Many modern documentation sites already have chatbots. Your knowledge base contents are chunked and retrieved based on your customer’s prompts. Chatbot’s response accuracy depends on content quality; thus, technical writers are structuring content to be AI-friendly. However, the new audience for the documentation site is an AI agent that reads your documentation and acts based on its inference. The AI agent accomplishes tasks on your behalf autonomously using your knowledge base content. Thus, it is becoming important to write content that is comprehensible by both humans and AI agents.

From One Audience to Two: What Changed

Human readers dislike repetition; thus, technical writers use tables, media artefacts, animated GIFs, and videos to improve the comprehensibility and engagement of their content. 

Many companies report that AI agents are visiting and reading their content more than human visitors do. AI bots drove about 2% of all web traffic (≈ 1 in 50 visits), up from about 0.5% in early 2025. This indicates the bot’s share quadrupled over the year.

Thus, it is important for technical writers to understand that their audience is changing, and that modern customers are more interested in using AI agents than in reading docs to accomplish tasks themselves.

How Humans and AI Read Documentation Differently

There is a significant difference between how human and AI agents consume documentation. 

Humans have shorter attention spans; thus, they skim content for relevance. Humans read non-linearly, jumping to different sections of their knowledge base. Sometimes humans infer meaning from their own experience and context that aligns with the article’s content.

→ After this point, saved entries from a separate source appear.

(* Let $\mathcal{G}$ be a quantitative concurrent graph game with $F$-expanded game $\mathcal{G}^\star$. (1) If $P$ is a Nash equilibrium profile with set of winners $W$, then every transition of $\mathsf{outcome}(P)$ is safe for $W$. (2) Let $(u,W)$ be a state of $\mathcal{G}^\star$, considered as the initial state. If $P$ is a profile whose outcome (from $(u,W)$) remains in $V\times W$ and takes only transitions that are safe for $W$, then the second-strike profile $\overline{P}$ is a Nash equilibrium.
   Context: A quantitative concurrent graph game is a tuple $\mathcal{G}=\langle \Omega, V, \{\mathsf{Act}_\alpha\}_{\alpha\in\Omega}, v_0, \delta, \mathsf{cost}, F\rangle$: finite players $\Omega$, finite states $V$, finite action sets $\mathsf{Act}_\alpha$ (all enabled everywhere), initial state $v_0$, transition function $\delta: V\times\prod_\alpha\mathsf{Act}_\alpha\to V$, cost function giving each transition a vector $(\mathsf{cost}_\alpha)_\alpha\in\mathbb{N}^\Omega$, and target sets $F_\alpha\subseteq V$. $\mathsf{cost}_\alpha$ of an outcome (sequence of consecutive transitions) is the $\alpha$-cost accumulated until $F_\alpha$ is first visited, $\infty$ if never. Strategies map histories to actions; profiles induce outcomes; a profile is a Nash equilibrium (NE) if no player can strictly lower its own cost by unilaterally changing its strategy. $C_\alpha(u)=\max_\sigma\min_\tau\mathsf{cost}_\alpha(\mathsf{outcome}_u(\sigma,\tau))$ (max over strategies of the coalition $\Omega\setminus\{\alpha\}$, min over strategies of $\alpha$, outcome starting at $u$). The $F$-expanded game $\mathcal{G}^\star$ has states $V\times 2^\Omega$, initial state $(v_0,\emptyset)$, the same actions, transitions $\delta^\star((v,S),\vec a)=(\delta(v,\vec a),S\cup\{\alpha: v\in F_\alpha\})$, costs $\mathsf{cost}^\star_\alpha((v,S),\vec a)=\mathsf{cost}_\alpha(v,\vec a)$ if $\alpha\notin S$ and $0$ if $\alpha\in S$, and targets $F^\star_\alpha=\{(v,S):\alpha\in S\}$; strategies, outcomes and profiles of $\mathcal{G}$ and $\mathcal{G}^\star$ correspond bijectively. The set of winners of a profile is the set of players $\alpha$ whose target is visited along its outcome. A transition $(x,\vec a,y)$ (of $\mathcal{G}$ or $\mathcal{G}^\star$) is safe for $W\subseteq\Omega$ if for every $\alpha\in\Omega\setminus W$ and every action vector $\vec b$ obtained from $\vec a$ by possibly changing the action of Player $\alpha$, the resulting transition $(x,\vec b,z)$ satisfies $C_\alpha(z)=\infty$. Second-strike profile $\overline{P}$ of $P$ with outcome $\pi$: each player follows $P$ while others follow $\pi$; once a player $\alpha$ deviates and a state $v'$ off $\pi$ is reached, the others play from $v'$ a fixed memoryless coalition strategy guaranteeing $\mathsf{cost}_\alpha\ge C_\alpha(w)$ from every state $w$. *)

From Stdlib Require Import ClassicalEpsilon.
From mathcomp Require Import all_boot.

Set Implicit Arguments.
Unset Strict Implicit.
Unset Printing Implicit Defensive.

(* ---------- extended naturals N ∪ {∞} : None = ∞ ---------- *)
Definition enat := option nat.

Definition ele (x y : enat) : Prop :=
  match x, y with
  | _, None => True
  | None, Some _ => False
  | Some m, Some n => m <= n
  end.

Definition elt (x y : enat) : Prop := ele x y /\ x <> y.

Definition is_glb (S : enat -> Prop) (x : enat) : Prop :=
  (forall y, S y -> ele x y) /\ (forall z, (forall y, S y -> ele z y) -> ele z x).
Definition is_lub (S : enat -> Prop) (x : enat) : Prop :=
  (forall y, S y -> ele y x) /\ (forall z, (forall y, S y -> ele y z) -> ele x z).

(* N ∪ {∞} is a complete lattice, so these are the genuine inf / sup *)
Definition einf (S : enat -> Prop) : enat := epsilon (inhabits None) (is_glb S).
Definition esup (S : enat -> Prop) : enat := epsilon (inhabits None) (is_lub S).

Record game := Game {
  player : finType;
  state  : finType;
  act    : player -> finType;
  v0     : state;
  delta  : state -> (forall p : player, act p) -> state;
  cost   : state -> (forall p : player, act p) -> player -> nat;
  target : player -> {set state}
}.

Section Games.
Variable G : game.

Definition avec := forall p : player G, act p.

Record history := Hist { hstart : state G; htrans : seq (avec * state G) }.

Definition hlast (h : history) : state G := last (hstart h) (map snd (htrans h)).

Definition strategy (p : player G) := history -> act p.
Definition profile := forall p : player G, strategy p.

Fixpoint ohist (u : state G) (P : profile) (n : nat) : history :=
  match n with
  | 0 => Hist u [::]
  | n'.+1 => let h := ohist u P n' in
             let a : avec := fun p => P p h in
             Hist u (rcons (htrans h) (a, delta (hlast h) a))
  end.

(* n-th state and n-th action vector of the outcome; the n-th transition is
   (ostate u P n, oact u P n, ostate u P n.+1) *)
Definition ostate (u : state G) (P : profile) (n : nat) : state G := hlast (ohist u P n).
Definition oact (u : state G) (P : profile) (n : nat) : avec := fun p => P p (ohist u P n).

Definition out_cost (s : nat -> state G) (a : nat -> avec) (al : player G) : enat :=
  match excluded_middle_informative (exists k, (fun k => s k \in target al) k) with
  | left H => Some (\sum_(i < ex_minn H) cost (s i) (a i) al)
  | right _ => None
  end.

Definition pcost (u : state G) (P : profile) (al : player G) : enat :=
  out_cost (ostate u P) (oact u P) al.

Definition variant (al : player G) (P Q : profile) : Prop :=
  forall p, p <> al -> forall h, Q p h = P p h.

Definition NE (u : state G) (P : profile) : Prop :=
  forall al Q, variant al P Q -> ~ elt (pcost u Q al) (pcost u P al).

(* C_α(u) = max_σ min_τ cost_α(outcome_u(σ,τ)); σ ranges over the
   coalition's strategies (the α-component of a profile σ is irrelevant),
   τ over α's strategies *)
Definition Cval (al : player G) (u : state G) : enat :=
  esup (fun x => exists sigma : profile,
          x = einf (fun y => exists Q, variant al sigma Q /\ y = pcost u Q al)).

Definition winners (u : state G) (P : profile) : {set player G} :=
  [set al | if excluded_middle_informative (exists n, ostate u P n \in target al)
            then true else false].

Definition safe (W : {set player G}) (x : state G) (a : avec) : Prop :=
  forall al, al \notin W -> forall b : avec,
    (forall p, p <> al -> b p = a p) -> Cval al (delta x b) = None.

Definition memoryless (m : forall p : player G, state G -> act p) : profile :=
  fun p h => m p (hlast h).

Definition punishing (mu : forall al p : player G, state G -> act p) : Prop :=
  forall al w Q, variant al (memoryless (mu al)) Q -> ele (Cval al w) (pcost w Q al).

Definition second_strike (s0 : state G) (P : profile)
    (mu : forall al p : player G, state G -> act p) : profile :=
  fun p h =>
    let n := size (htrans h) in
    let sts := hstart h :: map snd (htrans h) in
    let j := find (fun i => nth (hstart h) sts i != ostate s0 P i) (iota 0 n.+1) in
    if j == n.+1 then
      (* no state off pi reached: follow pi *)
      oact s0 P n p
    else if j == 0 then P p h  (* history not starting at s0: irrelevant *)
    else
      let a := oact s0 P j.-1 in
      let b := nth a (map fst (htrans h)) j.-1 in
      match [pick al | (b al != a al) &&
                       [forall q, (b q != a q) ==> (q == al)]] with
      | Some al => mu al p (hlast h)  (* al deviated, off pi: punish al *)
      | None => P p h                 (* not a unilateral deviation: irrelevant *)
      end.

End Games.

Definition Gstar (G : game) : game :=
  @Game (player G) (state G * {set player G})%type (@act G)
     (v0 G, set0)
     (fun (x : state G * {set player G}) (a : avec G) =>
        (delta x.1 a, x.2 :|: [set al | x.1 \in target al]))
     (fun (x : state G * {set player G}) (a : avec G) (al : player G) =>
        if al \in x.2 then 0 else cost x.1 a al)
     (fun al => [set x : state G * {set player G} | al \in x.2]).

(** (1) If a loser α could deviate from a transition of the outcome into a
    state z with C_α(z) < ∞, then, against the other players continuing P
    after that deviation, α has a strategy from z that visits F_α; playing it
    turns α's infinite cost into a finite one, contradicting the equilibrium.

    (2) In the F-expanded game the players of W have cost 0 from the start.
    A player α ∉ W never sees its target along the outcome of P, whose second
    component stays W; if α deviates, the first step that leaves the outcome
    is a unilateral deviation from a safe transition, so it reaches a state z
    with C_α(z) = ∞, from which the punishing coalition keeps α's cost
    infinite. *)
From Stdlib Require Import ClassicalEpsilon FunctionalExtensionality Classical.
From mathcomp Require Import all_boot.
Set Implicit Arguments. Unset Strict Implicit. Unset Printing Implicit Defensive.

Lemma enat_glb_exists (S : enat -> Prop) : exists x, is_glb S x.
Proof.
have [[n Sn]|noS] := classic (exists n, S (Some n)); last first.
  by exists None; split=> [[k Sk|] //|[]] //; apply: noS; exists k.
pose q n := if excluded_middle_informative (S (Some n)) then true else false.
have qP k : reflect (S (Some k)) (q k).
  by rewrite /q; case: excluded_middle_informative => ?; constructor.
have [m /qP Sm minm] := ex_minnP (ex_intro q n (introT (qP n) Sn)).
exists (Some m); split=> [[k /qP /minm|] //|z]; exact.
Qed.

Lemma enat_lub_exists (S : enat -> Prop) : exists x, is_lub S x.
Proof.
have [x [lbx glbx]] := enat_glb_exists (fun z => forall y, S y -> ele y z).
by exists x; split=> [y Sy|z /lbx //]; apply: glbx => z; apply.
Qed.

Lemma einf_glb S : is_glb S (einf S).
Proof. exact: epsilon_spec (enat_glb_exists S). Qed.

Lemma esup_lub S : is_lub S (esup S).
Proof. exact: epsilon_spec (enat_lub_exists S). Qed.

Lemma find_iota0_none (p : pred nat) m :
  (forall i, i < m -> ~~ p i) -> find p (iota 0 m) = m.
Proof.
move=> np; rewrite hasNfind ?size_iota //.
by apply/hasPn => i; rewrite mem_iota => /andP[_]; apply: np.
Qed.

Lemma find_iota0_first (p : pred nat) m j :
  j < m -> p j -> (forall i, i < j -> ~~ p i) -> find p (iota 0 m) = j.
Proof.
move=> ltjm pj before_j.
have has_p : has p (iota 0 m) by apply/hasP; exists j; rewrite // mem_iota.
have ltfm : find p (iota 0 m) < m by rewrite -[m in _ < m](size_iota 0) -has_find.
have := nth_find 0 has_p; rewrite nth_iota // add0n.
case: (ltngtP (find p (iota 0 m)) j) => // [/before_j /negbTE -> //|ltjf _].
by move: (before_find 0 ltjf); rewrite nth_iota ?pj // (ltn_trans ltjf).
Qed.

Lemma first_difference (T : eqType) (f g : nat -> T) :
  f 0 = g 0 -> (exists k, f k != g k) ->
  exists j, (forall i, i <= j -> f i = g i) /\ f j.+1 != g j.+1.
Proof.
move=> fg0 ex_diff; have [[|j] fgj minj] := ex_minnP ex_diff.
  by rewrite fg0 eqxx in fgj.
exists j; split=> // i lei; apply/eqP; apply: contraTT lei => /minj.
by rewrite -ltnNge.
Qed.

Section Outcomes.
Variable G : game.
Implicit Types (P Q : profile G) (u z : state G) (H h : history G).

Lemma hstart_ohist u P k : hstart (ohist u P k) = u.
Proof. by case: k. Qed.

Lemma size_ohist u P k : size (htrans (ohist u P k)) = k.
Proof. by elim: k => //= k IHk; rewrite size_rcons IHk. Qed.

Lemma ostateS u P k : ostate u P k.+1 = delta (ostate u P k) (oact u P k).
Proof. by rewrite /ostate /hlast /= map_rcons last_rcons. Qed.

Lemma htrans_ohist u P k :
  htrans (ohist u P k) = [seq (oact u P i, ostate u P i.+1) | i <- iota 0 k].
Proof.
elim: k => // k IHk.
by rewrite [LHS]/= IHk -addn1 iotaD map_cat cats1 add0n ostateS.
Qed.

Lemma nth_ohist_state u P k i d : i <= k ->
  nth d (hstart (ohist u P k) :: map snd (htrans (ohist u P k))) i = ostate u P i.
Proof.
rewrite hstart_ohist htrans_ohist; case: i => [|i] //= lt_ik.
by rewrite -map_comp (nth_map 0) ?size_iota // nth_iota.
Qed.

Humans also respond to tone and inclusive terms used in the content. Humans also exhibit emotions while reading documentation and empathize. Humans must read a lot of content for clarification if any ambiguity is present in the content. Humans use good judgment based on their moral values and principles to take the right set of actions. In general, humans read content to interpret. Then they execute a plan to accomplish a task. If any information is missing from the content, they fill those gaps with intuition.

Because of their unlimited attention span and large context window, AI agents can consume large amounts of content. Even if the content cannot be held in their context window, it can be chunked for AI agents. Since AI agents can access large amounts of content via the Model Context Protocol (MCP), they can easily gain a holistic perspective on it and have thorough knowledge of its context. More importantly, AI agents can accomplish workflows in a few minutes.  In general, AI agents plan a set of activities based on the content and can automatically execute them. If any ambiguity is present in the content, then it makes it harder for the AI agent to plan. It may require human assistance if any content contains ambiguity.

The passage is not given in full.